(Try it) Exactly the lines below from the one with "by apply: far;" up to and including the one with "N i) (N k) <= 0 ->" make up the answer, with nothing else added.

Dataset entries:
(* Let $n \geq 3$ and let $\Omega = \bigcap_{m=0}^q \{u_m \leq 0\} \subset \mathbb{R}^n$ be a compact convex polytope with non-empty interior satisfying the standing assumptions described in the context. Let $\Lambda > 1$ be a constant such that for every $x \in \Omega$ and all nonnegative reals $a_0,\dots,a_q$ with $a_i = 0$ whenever $u_i(x) \leq -2\Lambda^{-1}$, one has $\sum_{i=0}^q a_i \leq \Lambda |\sum_{i=0}^q a_i N_i|$. Then there exists a constant $\Xi \in (2\Lambda,\infty)$ with the following property: whenever $1 \leq k \leq q$, $x \in \Omega$ satisfies $-2\Xi^{-1} \leq u_k(x) \leq 0$, and $a_0,\dots,a_{k-1}$ are nonnegative real numbers such that $a_i = 0$ for all $0 \leq i \leq k-1$ with $u_i(x) \leq -2\Xi^{-1}$, we have \[\sum_{i=0}^{k-1} a_i \leq \Xi \, \Big| \Big( \sum_{i=0}^{k-1} a_i N_i \Big) \wedge N_k \Big|.\]
   Context: Here $u_0,\dots,u_q$ are non-constant linear (affine) functions on $\mathbb{R}^n$ and $\Omega = \bigcap_{m=0}^q\{u_m\le 0\}$ is compact, convex, with non-empty interior. Standing assumptions: (a) for each $k$, the set $\{u_k>0\}\cap\bigcap_{m\neq k}\{u_m\le 0\}$ is non-empty; (b) the Euclidean gradient of each $u_k$ is a unit vector $N_k\in S^{n-1}$; (c) for $0\le j<k\le q$, if there exists $x\in\Omega$ with $u_j(x)=u_k(x)=0$, then $\langle N_j,N_k\rangle\le 0$. For vectors $v,w\in\mathbb{R}^n$, $|v\wedge w|$ denotes the Euclidean norm of the bivector, i.e. $|v\wedge w|^2=|v|^2|w|^2-\langle v,w\rangle^2$. *)

From HB Require Import structures.
From mathcomp Require Import all_boot all_order all_algebra.
From mathcomp Require Import all_classical all_reals all_analysis.
Set Implicit Arguments. Unset Strict Implicit. Unset Printing Implicit Defensive.
Import Order.TTheory GRing.Theory Num.Theory.
Import numFieldNormedType.Exports.
Local Open Scope ring_scope.
Local Open Scope classical_set_scope.

Definition dotp (R : realType) (n : nat) (v w : 'rV[R]_n) : R :=
  \sum_(i < n) v ord0 i * w ord0 i.

Definition enorm (R : realType) (n : nat) (v : 'rV[R]_n) : R :=
  Num.sqrt (dotp v v).

(* Euclidean norm of the bivector v /\ w: |v^w|^2 = |v|^2|w|^2 - <v,w>^2. *)
Definition wedge_norm (R : realType) (n : nat) (v w : 'rV[R]_n) : R :=
  Num.sqrt (dotp v v * dotp w w - (dotp v w) ^+ 2).

(* The affine function u_m(x) = <N_m, x> + c_m ; its Euclidean gradient is N_m. *)
Definition aff (R : realType) (n : nat) (N : 'rV[R]_n) (c : R) (x : 'rV[R]_n) : R :=
  dotp N x + c.

Definition Omega (R : realType) (n q : nat) (N : 'I_q.+1 -> 'rV[R]_n)
  (c : 'I_q.+1 -> R) : set 'rV[R]_n :=
  [set x | forall m, aff (N m) (c m) x <= 0].

From HB Require Import structures.
From mathcomp Require Import all_boot all_order all_algebra.
From mathcomp Require Import all_classical all_reals all_analysis.
From mathcomp Require Import lra ring.
Set Implicit Arguments. Unset Strict Implicit. Unset Printing Implicit Defensive.
Import Order.TTheory GRing.Theory Num.Theory.
Import numFieldNormedType.Exports.
Local Open Scope ring_scope.
Local Open Scope classical_set_scope.

(* Compactness of Omega gives e > 0 such that two faces u_j = 0, u_k = 0 which
   both come e-close to a common point of Omega actually meet, so that
   <N_j, N_k> <= 0 by (c).  Taking Xi >= 2/e, every N_i with a_i > 0 is then
   obtuse to N_k, hence v = sum a_i N_i satisfies <v, N_k> <= 0.  Adding the
   coefficient s = -<v, N_k> >= 0 at N_k is allowed by the Lambda hypothesis,
   and |v + s N_k| = |v /\ N_k| since N_k is a unit vector; this gives
   sum a_i <= sum a_i + s <= Lambda |v /\ N_k|. *)

Section DotProduct.
Variables (R : realType) (n : nat).
Implicit Types (u v w : 'rV[R]_n) (a : R).

Lemma dotpC u w : dotp u w = dotp w u.
Proof. by apply: eq_bigr => i _; rewrite mulrC. Qed.

Lemma dotpDl u v w : dotp (u + v) w = dotp u w + dotp v w.
Proof. by rewrite /dotp -big_split; apply: eq_bigr => i _; rewrite mxE mulrDl. Qed.

Lemma dotpZl a u w : dotp (a *: u) w = a * dotp u w.
Proof. by rewrite /dotp mulr_sumr; apply: eq_bigr => i _; rewrite mxE mulrA. Qed.

Lemma dotpDr u v w : dotp u (v + w) = dotp u v + dotp u w.
Proof. by rewrite dotpC dotpDl !(dotpC u). Qed.

Lemma dotpZr a u w : dotp u (a *: w) = a * dotp u w.
Proof. by rewrite dotpC dotpZl dotpC. Qed.

Lemma dotp_suml (I : finType) (P : pred I) (f : I -> 'rV[R]_n) w :
  dotp (\sum_(i | P i) f i) w = \sum_(i | P i) dotp (f i) w.
Proof.
apply: (big_morph (fun u => dotp u w)) => [u v|]; first exact: dotpDl.
by rewrite /dotp big1 // => i _; rewrite mxE mul0r.
Qed.

Lemma dotp_ge0 u : 0 <= dotp u u.
Proof. by apply: sumr_ge0 => i _; rewrite -expr2 sqr_ge0. Qed.

Lemma enorm_eq1 u : enorm u = 1 -> dotp u u = 1.
Proof. by rewrite /enorm => u1; rewrite -(sqr_sqrtr (dotp_ge0 u)) u1 expr1n. Qed.

Lemma wedge_normE v w : dotp w w = 1 ->
  wedge_norm v w = enorm (v - dotp v w *: w).
Proof.
move=> w1; rewrite /enorm /wedge_norm; congr Num.sqrt.
by rewrite -[in RHS]scaleNr !(dotpDl, dotpDr, dotpZl, dotpZr) (dotpC w v) w1; ring.
Qed.

Lemma aff_continuous (N : 'rV[R]_n) (c : R) : continuous (aff N c).
Proof.
move=> x; apply: continuousD; last exact: cst_continuous.
rewrite /dotp -fct_sumE.
elim/big_ind: _ => [|f g|i _]; first exact: cst_continuous.
  by move=> cf cg; apply: continuousD.
by apply: continuousM; [exact: cst_continuous | exact: coord_continuous].
Qed.

End DotProduct.

Lemma compact_max_ge0 (T : topologicalType) (R : realType) (K : set T) (f : T -> R) :
  compact K -> {within K, continuous f} ->
  (forall e, 0 < e -> exists2 x, K x & - e <= f x) -> exists2 x, K x & 0 <= f x.
Proof.
move=> Kc fc approx; have [x0 Kx0 _] := approx 1 ltr01.
have [m /set_mem Km fm_max] := compact_EVT_max (ex_intro _ x0 Kx0) Kc fc.
exists m => //; rewrite leNgt; apply/negP => fm_lt0.
have [x Kx] : exists2 x, K x & - (- f m / 2) <= f x.
  by apply: approx; rewrite divr_gt0 // oppr_gt0.
by have := fm_max x (mem_set Kx); lra.
Qed.

Lemma sum_extend_at (V : zmodType) q (g : 'I_q.+1 -> V) (k : 'I_q.+1) (h : V) :
  \sum_(i : 'I_q.+1) (if (i < k)%N then g i else if i == k then h else 0)
  = \sum_(i < q.+1 | (i < k)%N) g i + h.
Proof.
rewrite (bigID (fun i : 'I_q.+1 => (i < k)%N)) /=; congr (_ + _).
  by apply: eq_bigr => i ->.
rewrite (bigD1 k) ?ltnn //= eqxx big1 ?addr0 //.
by move=> i /andP[/negbTE -> /negbTE ->].
Qed.

Section Polytope.
Variables (R : realType) (n q : nat) (N : 'I_q.+1 -> 'rV[R]_n) (c : 'I_q.+1 -> R).
Local Notation u m := (aff (N m) (c m)).
Local Notation Omega := (Omega N c).
Hypothesis Omega_compact : compact Omega.

Lemma faces_meet j k :
    (forall e, 0 < e -> exists2 x, Omega x & - e <= u j x /\ - e <= u k x) ->
  exists2 x, Omega x & u j x = 0 /\ u k x = 0.
Proof.
move=> approx.
have [||x Ox] := @compact_max_ge0 _ _ _ (u j \min u k) Omega_compact.
- by move=> x; apply: continuous_subspaceT => y; apply: continuous_min; apply: aff_continuous.
- move=> e e_gt0; have [x Ox [ujx ukx]] := approx e e_gt0.
  by exists x => //=; rewrite le_min ujx ukx.
rewrite /= le_min => /andP[ujx ukx].
by exists x => //; split; apply/le_anti; rewrite ?ujx ?ukx Ox.
Qed.

Hypothesis meeting_faces_dotp_le0 : forall j k : 'I_q.+1, (j < k)%N ->
  (exists2 x, Omega x & u j x = 0 /\ u k x = 0) -> dotp (N j) (N k) <= 0.

Definition obtuse_within (e : R) (j k : 'I_q.+1) := (j < k)%N ->
  forall x, Omega x -> - e <= u j x -> - e <= u k x -> dotp (N j) (N k) <= 0.

Lemma near_obtuse_within j k : \forall e \near 0^'+, obtuse_within e j k.
Proof.
rewrite /obtuse_within; have [jk|_] := ltnP j k; last exact: filterE.
have [approx|] := pselect (forall e, 0 < e ->
  exists2 x, Omega x & - e <= u j x /\ - e <= u k x).
  by apply: filterE => e _ x _ _ _; exact: (meeting_faces_dotp_le0 jk (faces_meet approx)).
move=> /existsNP[e1 /not_implyP[e1_gt0 far]].
apply: filterS (nbhs_right_le e1_gt0) => e e_le _ x Ox ujx ukx; exfalso.
by apply: far; exists x => //; split; apply: le_trans _ (_ : - e <= _); rewrite ?lerN2.
Qed.

Lemma exists_obtuse_within : exists2 e, 0 < e & forall j k, obtuse_within e j k.
Proof.
have /(filterI (nbhs_right_gt 0))/filter_ex[e [e_gt0 He]] :
    \forall e \near 0^'+, forall jk : 'I_q.+1 * 'I_q.+1, obtuse_within e jk.1 jk.2.
  by apply: filter_forall => jk; exact: near_obtuse_within.
by exists e => // j k; exact: He (j, k).
Qed.

Lemma obtuse_within_dotp_sum_le0 e k x (a : 'I_q.+1 -> R) :
  (forall i j, obtuse_within e i j) -> Omega x -> - e <= u k x ->
  (forall i : 'I_q.+1, (i < k)%N -> 0 <= a i) ->
  (forall i : 'I_q.+1, (i < k)%N -> u i x < - e -> a i = 0) ->
  dotp (\sum_(i < q.+1 | (i < k)%N) a i *: N i) (N k) <= 0.
Proof.
move=> obtuse Ox ukx a_ge0 a_far; rewrite dotp_suml.
apply: sumr_le0 => i ik; rewrite dotpZl.
have [uix|uix] := ltP (u i x) (- e); first by rewrite a_far // mul0r.
exact: mulr_ge0_le0 (a_ge0 i ik) (obtuse i k ik x Ox uix ukx).
Qed.

Definition normal_cone_bound (L : R) := forall x, Omega x ->
  forall b : 'I_q.+1 -> R, (forall i, 0 <= b i) ->
  (forall i, u i x <= - (2 / L) -> b i = 0) ->
  \sum_i b i <= L * enorm (\sum_i b i *: N i).

Lemma normal_cone_bound_wedge L k x (a : 'I_q.+1 -> R) :
  (forall m, enorm (N m) = 1) -> normal_cone_bound L ->
  Omega x -> - (2 / L) < u k x ->
  (forall i : 'I_q.+1, (i < k)%N -> 0 <= a i) ->
  (forall i : 'I_q.+1, (i < k)%N -> u i x <= - (2 / L) -> a i = 0) ->
  dotp (\sum_(i < q.+1 | (i < k)%N) a i *: N i) (N k) <= 0 ->
  \sum_(i < q.+1 | (i < k)%N) a i
    <= L * wedge_norm (\sum_(i < q.+1 | (i < k)%N) a i *: N i) (N k).
Proof.
move=> N_unit bound Ox ukx a_ge0 a_far.
set v := \sum_(i < q.+1 | _) _; rewrite -oppr_ge0; set s := - dotp v (N k) => s_ge0.
pose b (i : 'I_q.+1) := if (i < k)%N then a i else if i == k then s else 0.
have b_ge0 i : 0 <= b i.
  by rewrite /b; case: ifPn => [/a_ge0 //|_]; case: ifP.
have b_far i : u i x <= - (2 / L) -> b i = 0.
  rewrite /b; case: ifPn => [ik /(a_far i ik) //|_].
  by case: eqP => // -> ukx_le; move: ukx; rewrite ltNge ukx_le.
have := bound x Ox b b_ge0 b_far; rewrite sum_extend_at.
have -> : \sum_i b i *: N i = v + s *: N k.
  rewrite -sum_extend_at; apply: eq_bigr => i _; rewrite /b.
  by case: ifP => // _; case: eqP => [-> | _]; rewrite ?scale0r.
by rewrite scaleNr -wedge_normE ?enorm_eq1 //; apply: le_trans; rewrite lerDl.
Qed.

End Polytope.

Theorem lemma2p4 (R : realType) (n q : nat)
  (N : 'I_q.+1 -> 'rV[R]_n) (c : 'I_q.+1 -> R) (Lambda : R) :
  (3 <= n)%N ->
  (* Omega compact, convex, with non-empty interior *)
  compact (Omega N c) ->
  convex_set (Omega N c : set (convex_lmodType 'rV[R]_n)) ->
  (interior (Omega N c) !=set0) ->
  (* standing assumption (a) *)
  (forall k : 'I_q.+1, exists x : 'rV[R]_n,
      0 < aff (N k) (c k) x /\ forall m, m != k -> aff (N m) (c m) x <= 0) ->
  (* standing assumption (b): gradients are unit vectors *)
  (forall k, enorm (N k) = 1) ->
  (* standing assumption (c) *)
  (forall j k : 'I_q.+1, (j < k)%N ->
      (exists2 x, Omega N c x & aff (N j) (c j) x = 0 /\ aff (N k) (c k) x = 0) ->
      dotp (N j) (N k) <= 0) ->
  1 < Lambda ->
  (forall x, Omega N c x -> forall a : 'I_q.+1 -> R,
      (forall i, 0 <= a i) ->
      (forall i, aff (N i) (c i) x <= - (2 / Lambda) -> a i = 0) ->
      \sum_i a i <= Lambda * enorm (\sum_i a i *: N i)) ->
  exists Xi : R, 2 * Lambda < Xi /\
    forall (k : 'I_q.+1), (1 <= k)%N ->
    forall x, Omega N c x ->
      - (2 / Xi) <= aff (N k) (c k) x -> aff (N k) (c k) x <= 0 ->
    forall a : 'I_q.+1 -> R,
      (forall i : 'I_q.+1, (i < k)%N -> 0 <= a i) ->
      (forall i : 'I_q.+1, (i < k)%N -> aff (N i) (c i) x <= - (2 / Xi) -> a i = 0) ->
      \sum_(i < q.+1 | (i < k)%N) a i
        <= Xi * wedge_norm (\sum_(i < q.+1 | (i < k)%N) a i *: N i) (N k).
Proof.
move=> _ Omega_compact _ _ _ N_unit meeting_faces_dotp_le0 L_gt1 bound.
have [e e_gt0 obtuse] := exists_obtuse_within Omega_compact meeting_faces_dotp_le0.
pose Xi := 2 * Lambda + 1 + 2 / e.
have e2_gt0 : 0 < 2 / e by rewrite divr_gt0.
have Xi_gt0 : 0 < Xi by rewrite /Xi; lra.
have Xi_gap_le : 2 / Xi <= e.
  rewrite ler_pdivrMr // /Xi mulrDr (mulrC e (2 / e)) divfK ?gt_eqF //.
  by rewrite lerDr mulr_ge0 //; lra.
have Xi_gap_lt : 2 / Xi < 2 / Lambda.
  by rewrite ltr_pM2l // ltf_pV2 ?posrE /Xi; lra.
exists Xi; split; first by rewrite /Xi; lra.
move=> k _ x Ox ukx _ a a_ge0 a_far.
have a_far_Lambda (i : 'I_q.+1) : (i < k)%N -> aff (N i) (c i) x <= - (2 / Lambda) -> a i = 0.
  by move=> ik uix; apply: a_far ik (le_trans uix _); rewrite lerN2 ltW.
apply: le_trans (normal_cone_bound_wedge N_unit bound Ox _ a_ge0 a_far_Lambda _) _.
- by apply: lt_le_trans ukx; rewrite ltrN2.
- apply: obtuse_within_dotp_sum_le0 obtuse Ox (le_trans _ ukx) a_ge0 _; first by rewrite lerN2.
  by move=> i ik uix; apply: a_far ik (le_trans (ltW uix) _); rewrite lerN2.
- by rewrite ler_wpM2r ?sqrtr_ge0 // /Xi; lra.
Qed.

(Task solution)
by apply: far; exists x => //; split; apply: le_trans _ (_ : - e <= _); rewrite ?lerN2.
Qed.

Lemma exists_obtuse_within : exists2 e, 0 < e & forall j k, obtuse_within e j k.
Proof.
have /(filterI (nbhs_right_gt 0))/filter_ex[e [e_gt0 He]] :
    \forall e \near 0^'+, forall jk : 'I_q.+1 * 'I_q.+1, obtuse_within e jk.1 jk.2.
  by apply: filter_forall => jk; exact: near_obtuse_within.
by exists e => // j k; exact: He (j, k).
Qed.

Lemma obtuse_within_dotp_sum_le0 e k x (a : 'I_q.+1 -> R) :
  (forall i j, obtuse_within e i j) -> Omega x -> - e <= u k x ->
  (forall i : 'I_q.+1, (i < k)%N -> 0 <= a i) ->
  (forall i : 'I_q.+1, (i < k)%N -> u i x < - e -> a i = 0) ->
  dotp (\sum_(i < q.+1 | (i < k)%N) a i *: N i) (N k) <= 0.
Proof.
move=> obtuse Ox ukx a_ge0 a_far; rewrite dotp_suml.
apply: sumr_le0 => i ik; rewrite dotpZl.
have [uix|uix] := ltP (u i x) (- e); first by rewrite a_far // mul0r.
exact: mulr_ge0_le0 (a_ge0 i ik) (obtuse i k ik x Ox uix ukx).
Qed.

Definition normal_cone_bound (L : R) := forall x, Omega x ->
  forall b : 'I_q.+1 -> R, (forall i, 0 <= b i) ->
  (forall i, u i x <= - (2 / L) -> b i = 0) ->
  \sum_i b i <= L * enorm (\sum_i b i *: N i).

Lemma normal_cone_bound_wedge L k x (a : 'I_q.+1 -> R) :
  (forall m, enorm (N m) = 1) -> normal_cone_bound L ->
  Omega x -> - (2 / L) < u k x ->
  (forall i : 'I_q.+1, (i < k)%N -> 0 <= a i) ->
  (forall i : 'I_q.+1, (i < k)%N -> u i x <= - (2 / L) -> a i = 0) ->
  dotp (\sum_(i < q.+1 | (i < k)%N) a i *: N i) (N k) <= 0 ->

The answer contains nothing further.